• **HOW TO COMPLETE THIS TASK**: Among the entries below, one line contains "by apply: poly_eq0_nonneg" and another contains "move=> alpha_gt0 alpha_last _ _ m.". Transcribe those two lines and every line between them, exactly.

• **DATA FOR THIS TASK**:
= = =
Lemma expansion_regular s b L : admissible s -> is_expansion R s b L ->
  regular_at0 L (fun m => (Mcoef s m)%:P).
Proof.
move=> s_adm L_exp.
have coef_eval m (t : R) : 0 <= t ->
    (forall j, (j < lval L)%N -> (map_poly ratr (lcoef L m j)).[t] = 0) /\
    (map_poly ratr (lcoef L m (lval L))).[t] = (size (valid_tuples s m))%:R.
  move=> t_ge0; have [r r_gt0 L_cvg] := L_exp m t t_ge0.
  apply: (@laurent_expansion_at0 R _ (lval L) r _
            (\sum_(I <- valid_tuples s m) zweight s b I t)
            (fun z => \sum_(I <- valid_tuples s m) expR (z * zweight s b I t))) => //.
  - by apply: sumr_ge0 => I _; apply: zweight_ge0.
  - move=> z z_in; have [l [l_cvg]] := L_cvg z z_in.
    by rewrite Fcoef_sum // => -[->].
  - move=> z /andP[_ z_lt0]; apply: sum_expR_near0 => // I; exact: zweight_ge0.
split=> [m j lt_j|m].
  by apply: poly_eq0_nonneg => t t_ge0; exact: (coef_eval m t t_ge0).1 j lt_j.
apply/eqP; rewrite -subr_eq0; apply/eqP/poly_eq0_nonneg => t t_ge0.
rewrite rmorphB /= hornerD hornerN (coef_eval m t t_ge0).2 map_polyC hornerC.
rewrite /Mcoef /valid_tuples size_filter.
by apply/eqP; rewrite subr_eq0 eq_sym; apply/eqP; apply: ratr_nat.
Qed.

Lemma phi_regular s b : admissible s -> regular_at0 (phi R s b) (fun m => (Mcoef s m)%:P).
Proof.
move=> s_adm; rewrite /phi; case: pselect => [?|]; last first.
  by case; exists (exp_expansion s b); apply: exp_expansion_is_expansion.
by case: cid => L L_exp /=; exact: expansion_regular L_exp.
Qed.

End Regularization.

Theorem corollary4p5 (R : realType) (alpha beta : seq nat) :
  (0 < size alpha)%N -> (0 < last 0%N alpha)%N ->
  size beta = size alpha -> all (fun b => 0 < b)%N beta ->
  forall m : seq nat, Zcoef R alpha beta m = (Mcoef alpha m)%:P.
Proof.
move=> alpha_gt0 alpha_last _ _ m.
apply: (@Zcoef_regular R (fun s m => (Mcoef s m)%:P)); first exact: phi_regular.
exact/andP.
Qed.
= = =
• **PROBLEM SOLUTION**:
  by apply: poly_eq0_nonneg => t t_ge0; exact: (coef_eval m t t_ge0).1 j lt_j.
apply/eqP; rewrite -subr_eq0; apply/eqP/poly_eq0_nonneg => t t_ge0.
rewrite rmorphB /= hornerD hornerN (coef_eval m t t_ge0).2 map_polyC hornerC.
rewrite /Mcoef /valid_tuples size_filter.
by apply/eqP; rewrite subr_eq0 eq_sym; apply/eqP; apply: ratr_nat.
Qed.

Lemma phi_regular s b : admissible s -> regular_at0 (phi R s b) (fun m => (Mcoef s m)%:P).
Proof.
move=> s_adm; rewrite /phi; case: pselect => [?|]; last first.
  by case; exists (exp_expansion s b); apply: exp_expansion_is_expansion.
by case: cid => L L_exp /=; exact: expansion_regular L_exp.
Qed.

End Regularization.

Theorem corollary4p5 (R : realType) (alpha beta : seq nat) :
  (0 < size alpha)%N -> (0 < last 0%N alpha)%N ->
  size beta = size alpha -> all (fun b => 0 < b)%N beta ->
  forall m : seq nat, Zcoef R alpha beta m = (Mcoef alpha m)%:P.
Proof.
move=> alpha_gt0 alpha_last _ _ m.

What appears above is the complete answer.